The results of their
most recent experiments (so far involving 220 PET scans obtained from
36 subjects equally divided between males and females) indicate that during
both actual and anticipated colonic distention, significant differences
between the regional cerebral blood flow patterns in the brains of men
and women occur. The sex differences are even more dramatic among patients
with IBS. Areas that differ most significantly include the anterior left
insula, a brain region with close connections to the anterior cingulate
cortex and the prefrontal cortex. These three brain regions form a network
that is involved in pain processing, and in memory retrieval of past pain
experiences and associated emotional and autonomic responses. Thus, the
same networks in the brain that process an actual painful stimulus are
involved in the formation of complete memories of such events. This may
be of importance in view of the common association of IBS with post traumatic
stress syndrome (PTSD), a syndrome that develops after an extremely stressful
situation during which an individual’s life was threatened (such as war
combat exposure, motor vehicle accident or rape). Commonly, affected patients
develop a flashback of the traumatic event, triggered by a sound or picture.

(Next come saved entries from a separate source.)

(* Any degree-three IQP circuit $H^{\otimes n}D_{IQP3}H^{\otimes n}$ on $n$ qubits whose diagonal part $D_{IQP3}$ consists of $d$ layers of $Z$, $CZ$ and $CCZ$ gates can be compiled, after appending $O(nd)$ ancilla qubits initialized to $|0\rangle$ (and returned to $|0\rangle$), into an equivalent circuit consisting of Clifford gates and a single layer of gates $T^{\pm1}$.
   Context: A degree-three IQP circuit has the form $H^{\otimes n}D_{IQP3}H^{\otimes n}$ where $D_{IQP3}$ is a product of $Z$, $CZ$ and $CCZ$ gates. $T=\mathrm{diag}(1,e^{i\pi/4})$. A single layer means the $T^{\pm1}$ gates act in parallel on distinct qubits. The Clifford group is generated by $H$, $S=\mathrm{diag}(1,i)$ and CNOT. *)

From mathcomp Require Import all_boot all_order all_algebra all_field.
Set Implicit Arguments. Unset Strict Implicit. Unset Printing Implicit Defensive.
Import Order.TTheory GRing.Theory Num.Theory.
Local Open Scope ring_scope.

Definition bits (m : nat) := {ffun 'I_m -> bool}.

(* operators on m qubits: A x y = <x| A |y> *)
Definition op (m : nat) := bits m -> bits m -> algC.

Definition opmul m (A B : op m) : op m := fun x y => \sum_(z : bits m) A x z * B z y.
Definition opid m : op m := fun x y => (x == y)%:R.
Definition diagop m (f : bits m -> algC) : op m := fun x y => (x == y)%:R * f x.

Definition omega : algC := (1 + 'i) / sqrtC 2.

Definition Hgate m (q : 'I_m) : op m := fun x y =>
  if [forall j, (j != q) ==> (x j == y j)]
  then (if x q && y q then -1 else 1) / sqrtC 2 else 0.
Definition Sgate m (q : 'I_m) : op m := diagop (fun x => if x q then 'i else 1).
Definition CNOTgate m (c t : 'I_m) : op m := fun x y =>
  (x == [ffun j => if j == t then y t (+) y c else y j])%:R.

Inductive cgate (m : nat) :=
| CH of 'I_m
| CS of 'I_m
| CCNOT of 'I_m & 'I_m.

Definition cgate_wf m (g : cgate m) : bool :=
  if g is CCNOT c t then c != t else true.

Definition cgate_op m (g : cgate m) : op m :=
  match g with
  | CH q => Hgate q
  | CS q => Sgate q
  | CCNOT c t => CNOTgate c t
  end.

(* circuit [g1; ...; gk], g1 applied first: operator G_k ... G_1 *)
Fixpoint circ m (s : seq (cgate m)) : op m :=
  match s with
  | [::] => @opid m
  | g :: s' => opmul (circ s') (cgate_op g)
  end.

Definition tlayer m (l : {ffun 'I_m -> option bool}) : op m :=
  diagop (fun x => \prod_(q : 'I_m)
     match l q with
     | None => 1
     | Some true => if x q then omega else 1
     | Some false => if x q then omega^-1 else 1
     end).

(* A Z / CZ / CCZ gate is given by the set of 1, 2 or 3 qubits it acts on;
   a layer is a list of such gates acting on pairwise disjoint qubits. *)
Definition is_layer n (l : seq {set 'I_n}) : bool :=
  all (fun s : {set 'I_n} => (0 < #|s| <= 3)%N) l &&
  pairwise (fun s t : {set 'I_n} => [disjoint s & t]) l.

Definition DIQP3 n (L : seq (seq {set 'I_n})) : op n :=
  diagop (fun x => \prod_(l <- L) \prod_(s <- l)
                     (if [forall i in s, x i] then -1 else 1)).

Definition Hall n : op n := fun x y =>
  \prod_(q : 'I_n) ((if x q && y q then -1 else 1) / sqrtC 2).

Definition iqp3 n (L : seq (seq {set 'I_n})) : op n :=
  opmul (@Hall n) (opmul (DIQP3 L) (@Hall n)).

(* |x> (x) |u> on n + a qubits: system qubits first, ancillas last *)
Definition join n a (x : bits n) (u : bits a) : bits (n + a) :=
  [ffun i => match split i with inl j => x j | inr k => u k end].

Definition zerob a : bits a := [ffun _ => false].

From mathcomp Require Import all_boot all_algebra all_field ring.
From Stdlib Require Import FunctionalExtensionality.
Set Implicit Arguments. Unset Strict Implicit. Unset Printing Implicit Defensive.
Import GRing.Theory Num.Theory.
Local Open Scope ring_scope.

(* Between the two Hadamard layers, D_IQP3 is the diagonal phase (-1)^f(x),
   f a sum of monomials of degree at most three in the bits of x.  Since
   (-1)^b = omega^(4b) and four times such a monomial is an integer combination
   of parities of its bits, D_IQP3 is a product of phases omega^(+-p(x)), p
   ranging over parities.  CNOTs copy each parity into its own ancilla, a single
   T or T^-1 on each ancilla produces its phase, and the same CNOTs uncompute
   the ancillas.  A gate needs at most seven parities and a layer has at most n
   gates, whence at most 7nd ancillas. *)

Lemma sum_delta_l (T : finType) (R : pzSemiRingType) (a : T) (F : T -> R) :
  \sum_c (a == c)%:R * F c = F a.
Proof.
rewrite (bigD1 a) //= eqxx mul1r big1 ?addr0 // => c.
by rewrite eq_sym => /negbTE ->; rewrite mul0r.
Qed.

Lemma sum_delta_r (T : finType) (R : pzSemiRingType) (b : T) (F : T -> R) :
  \sum_c F c * (c == b)%:R = F b.
Proof.
rewrite (bigD1 b) //= eqxx mulr1 big1 ?addr0 // => c /negbTE ->.
by rewrite mulr0.
Qed.

Lemma prod_indicator (I : finType) (R : comPzSemiRingType) (P : pred I)
    (b : I -> bool) :
  \prod_(i | P i) (b i)%:R = [forall i, P i ==> b i]%:R :> R.
Proof.
case: (boolP [forall i, P i ==> b i]) => [/forallP allb | ].
  by rewrite big1 // => i /(implyP (allb i)) ->.
rewrite negb_forall => /existsP [i]; rewrite negb_imply => /andP [Pi /negbTE bi].
by rewrite (bigD1 i) //= bi mul0r.
Qed.

Section Operators.
Variable m : nat.
Implicit Types (A B C : op m) (x y z : bits m).

Lemma op_ext A B : (forall x y, A x y = B x y) -> A = B.
Proof.
move=> eqAB; apply: functional_extensionality => x.
by apply: functional_extensionality => y; exact: eqAB.
Qed.

Lemma prod_eq_bits x y : \prod_j (x j == y j)%:R = (x == y)%:R :> algC.
Proof.
rewrite prod_indicator; congr (nat_of_bool _)%:R.
apply/forallP/eqP => [eq_xy|-> j]; last exact: eqxx.
by apply/ffunP => j; exact/eqP/eq_xy.
Qed.

Lemma opmulA A B C : opmul A (opmul B C) = opmul (opmul A B) C.
Proof.
apply: op_ext => x y; rewrite /opmul.
under eq_bigr do rewrite big_distrr.
rewrite exchange_big /=; apply: eq_bigr => z _.
by rewrite big_distrl /=; apply: eq_bigr => w _; rewrite mulrA.
Qed.

Lemma opmul1 A : opmul A (@opid m) = A.
Proof. by apply: op_ext => x y; rewrite /opmul /opid sum_delta_r. Qed.

Lemma circ_cat (s1 s2 : seq (cgate m)) :
  circ (s1 ++ s2) = opmul (circ s2) (circ s1).
Proof.
elim: s1 => [|g s1 IH] /=; first by rewrite opmul1.
by rewrite IH opmulA.
Qed.

Definition perm_op (f : bits m -> bits m) : op m := fun x y => (x == f y)%:R.

Definition cnot_map (c t : 'I_m) z : bits m :=
  [ffun j => if j == t then z t (+) z c else z j].

Lemma CNOTgate_perm c t : CNOTgate c t = perm_op (cnot_map c t).
Proof. by []. Qed.

Lemma opmul_perm f g : opmul (perm_op g) (perm_op f) = perm_op (g \o f).
Proof. by apply: op_ext => x y; rewrite /opmul /perm_op sum_delta_r. Qed.

Lemma opmul_diagl (phi : bits m -> algC) A x y :
  opmul (diagop phi) A x y = phi x * A x y.
Proof.
by rewrite /opmul /diagop; under eq_bigr do rewrite -mulrA; rewrite sum_delta_l.
Qed.

Lemma perm_diag_conj f (phi : bits m -> algC) : involutive f ->
  opmul (perm_op f) (opmul (diagop phi) (perm_op f)) = diagop (phi \o f).
Proof.
move=> fK; apply: op_ext => x y.
have -> : opmul (perm_op f) (opmul (diagop phi) (perm_op f)) x y
        = \sum_z (x == f z)%:R * phi z * (z == f y)%:R.
  by apply: eq_bigr => z _; rewrite opmul_diagl mulrA.
rewrite sum_delta_r fK /diagop /=.
by case: eqP => [-> //|_]; rewrite !mul0r.
Qed.

Definition tensor_op (g : 'I_m -> bool -> bool -> algC) : op m :=
  fun x y => \prod_j g j (x j) (y j).

Lemma opmul_tensor f g :
  opmul (tensor_op f) (tensor_op g)
  = tensor_op (fun j a b => \sum_c f j a c * g j c b).
Proof.
apply: op_ext => x y; rewrite /opmul /tensor_op.
rewrite (bigA_distr_bigA (fun j c => f j (x j) c * g j c (y j))) /=.
by apply: eq_bigr => z _; rewrite big_split.
Qed.

Lemma opid_tensor : @opid m = tensor_op (fun _ a b => (a == b)%:R).
Proof.
by apply: op_ext => x y; rewrite /opid /tensor_op prod_eq_bits.
Qed.

Definition hadamard_entry (a b : bool) : algC :=
  (if a && b then -1 else 1) / sqrtC 2.

Lemma Hgate_tensor (q : 'I_m) :
  Hgate q
  = tensor_op (fun j a b => if j == q then hadamard_entry a b else (a == b)%:R).
Proof.
apply: op_ext => x y; rewrite /Hgate /tensor_op (bigD1 q) //= eqxx.
rewrite (eq_bigr (fun j => (x j == y j)%:R)); last by move=> j /negbTE ->.
by rewrite prod_indicator; case: ifP; rewrite ?mulr1 ?mulr0.
Qed.

Lemma circ_Hgates (qs : seq 'I_m) : uniq qs ->
  circ (map (@CH m) qs)
  = tensor_op (fun j a b => if j \in qs then hadamard_entry a b else (a == b)%:R).
Proof.
elim: qs => [|q qs IH] /=; first by rewrite opid_tensor.
case/andP => qNqs uniq_qs; rewrite IH // Hgate_tensor opmul_tensor.
congr tensor_op; do 3![apply: functional_extensionality => ?].
rewrite in_cons; case: eqVneq => [->|_] /=; last by rewrite sum_delta_r.
by rewrite (negbTE qNqs) sum_delta_l.
Qed.

End Operators.

Section Ancillas.
Variables n a : nat.
Implicit Types (x y v : bits n) (u w : bits a).

Lemma join_lshift x u i : join x u (lshift a i) = x i.
Proof. by rewrite ffunE (unsplitK (inl _ i)). Qed.

Lemma join_rshift x u k : join x u (rshift n k) = u k.
Proof. by rewrite ffunE (unsplitK (inr _ k)). Qed.

Lemma sum_bits_join (F : bits (n + a) -> algC) :
  \sum_z F z = \sum_v \sum_w F (join v w).
Proof.
rewrite pair_big (reindex (fun p : bits n * bits a => join p.1 p.2)) //=.
exists (fun z => ([ffun i => z (lshift a i)], [ffun k => z (rshift n k)])).
  by move=> [v w] _; congr pair; apply/ffunP => i;
    rewrite ffunE ?join_lshift ?join_rshift.
move=> z _; apply/ffunP => j.
by case: (split_ordP j) => [i|k] ->; rewrite ?join_lshift ?join_rshift ffunE.
Qed.

Definition system_hadamards : seq (cgate (n + a)) :=
  [seq CH (lshift a i) | i <- enum 'I_n].

Lemma system_hadamards_join y u v w :
  circ system_hadamards (join y u) (join v w) = Hall y v * (u == w)%:R.
Proof.
rewrite /system_hadamards (map_comp (@CH _) (lshift a)) circ_Hgates; last first.
  by rewrite map_inj_uniq ?enum_uniq //; exact: lshift_inj.
rewrite /tensor_op big_split_ord /=; congr (_ * _).
  apply: eq_bigr => i _.
  by rewrite !join_lshift (map_f (lshift a)) ?mem_enum.
rewrite -prod_eq_bits; apply: eq_bigr => k _; rewrite !join_rshift.
by case: mapP => // [[i _ /eqP]]; rewrite eq_rlshift.
Qed.

Definition cnots (s : seq ('I_n * 'I_a)) : seq (cgate (n + a)) :=
  [seq CCNOT (lshift a p.1) (rshift n p.2) | p <- s].

Definition cnots_action (s : seq ('I_n * 'I_a)) (z : bits (n + a)) :
    bits (n + a) :=
  [ffun j => if split j is inr k
             then z j (+) \big[addb/false]_(p <- s | p.2 == k) z (lshift a p.1)
             else z j].

Lemma cnots_action_lshift s z i : cnots_action s z (lshift a i) = z (lshift a i).
Proof. by rewrite ffunE (unsplitK (inl _ i)). Qed.

Lemma cnots_action_rshift s z k :
  cnots_action s z (rshift n k)
  = z (rshift n k) (+) \big[addb/false]_(p <- s | p.2 == k) z (lshift a p.1).
Proof. by rewrite ffunE (unsplitK (inr _ k)). Qed.

Lemma cnots_action_cons p s z :
  cnots_action s (cnot_map (lshift a p.1) (rshift n p.2) z)
  = cnots_action (p :: s) z.
Proof.
apply/ffunP => j; case: (split_ordP j) => [i|k] ->.
  by rewrite !cnots_action_lshift ffunE eq_lrshift.
rewrite !cnots_action_rshift big_cons ffunE eq_rshift.
under eq_bigr do rewrite ffunE eq_lrshift.
by rewrite [k == _]eq_sym; case: eqP => [->|_]; rewrite ?addbA.
Qed.

Lemma circ_cnots s : circ (cnots s) = perm_op (cnots_action s).
Proof.
elim: s => [|p s IH] /=.
  apply: op_ext => x y; rewrite /opid /perm_op; congr (_ == _)%:R.
  apply/ffunP => j; case: (split_ordP j) => [i|k] ->.
    by rewrite cnots_action_lshift.
  by rewrite cnots_action_rshift big_nil addbF.
rewrite IH /= CNOTgate_perm opmul_perm; congr perm_op.
by apply: functional_extensionality => z; exact: cnots_action_cons.
Qed.

Lemma cnots_action_involutive s : involutive (cnots_action s).
Proof.
move=> z; apply/ffunP => j; case: (split_ordP j) => [i|k] ->.
  by rewrite !cnots_action_lshift.
rewrite cnots_action_rshift; under eq_bigr do rewrite cnots_action_lshift.
by rewrite cnots_action_rshift -addbA addbb addbF.
Qed.

End Ancillas.

Definition parity n (l : seq 'I_n) (v : bits n) : bool :=
  \big[addb/false]_(i <- l) v i.

Definition tphase (b c : bool) : algC :=
  if c then (if b then omega else omega^-1) else 1.

Definition phase_poly n (sp : seq (seq 'I_n * bool)) (v : bits n) : algC :=
  \prod_(t <- sp) tphase t.2 (parity t.1 v).

Definition tlayer_phase m (tl : {ffun 'I_m -> option bool}) (z : bits m) :=
  \prod_q (if tl q is Some b then tphase b (z q) else 1).

Lemma tlayerE m (tl : {ffun 'I_m -> option bool}) :
  tlayer tl = diagop (tlayer_phase tl).
Proof.
apply: op_ext => x y; congr (_ * _); apply: eq_bigr => q _.
by case: (tl q) => [[]|].
Qed.

Section PhasePolynomialCircuit.
Variables (n : nat) (sp : seq (seq 'I_n * bool)).
Local Notation A := (size sp).
Local Notation term k := (tnth (in_tuple sp) k).

Definition parity_copies : seq ('I_n * 'I_A) :=
  [seq (i, k) | k <- enum 'I_A, i <- (term k).1].

Definition phase_tlayer : {ffun 'I_(n + A) -> option bool} :=
  [ffun j => if split j is inr k then Some (term k).2 else None].

Lemma parity_copies_rshift v k :
  cnots_action parity_copies (join v (zerob A)) (rshift n k) = parity (term k).1 v.
Proof.
rewrite cnots_action_rshift join_rshift ffunE big_mkcond big_allpairs_dep /=.
rewrite (bigD1_seq k) ?mem_enum ?enum_uniq //= eqxx [X in _ (+) X]big1_seq ?addbF.
  by apply: eq_bigr => i _; rewrite join_lshift.
by move=> k' /andP [/negbTE k'k _]; rewrite big1 // => i _; rewrite k'k.
Qed.

Lemma tlayer_phase_parity_copies v :
  tlayer_phase phase_tlayer (cnots_action parity_copies (join v (zerob A)))
  = phase_poly sp v.
Proof.
rewrite /tlayer_phase big_split_ord /= big1 ?mul1r; last first.
  by move=> i _; rewrite ffunE (unsplitK (inl _ i)).
rewrite /phase_poly [RHS]big_tnth; apply: eq_bigr => k _.
by rewrite parity_copies_rshift ffunE (unsplitK (inr _ k)).
Qed.

Definition compute_parities := system_hadamards n A ++ cnots parity_copies.
Definition uncompute_parities := cnots parity_copies ++ system_hadamards n A.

This flashback is associated with all the emotional, sensory and autonomic
responses that were part of the brain’s response to the traumatic stimulus
in the first place.
Even though the majority
of IBS patients do not have PTSD, it may be that certain life events,
food intake or sensations from the gut can trigger memories of past abdominal
pain and discomfort, which may have occurred as far back as childhood.
Based on our findings it is intriguing to speculate that men and women
differ in the degree to which they retrieve such memories in preparation
for an anticipated pain from their gut.
If you would like
to learn more about our research program, or if you are interested in
participating in one our ongoing brain imaging studies, please contact
our clinical trials office at (310) 268-3432.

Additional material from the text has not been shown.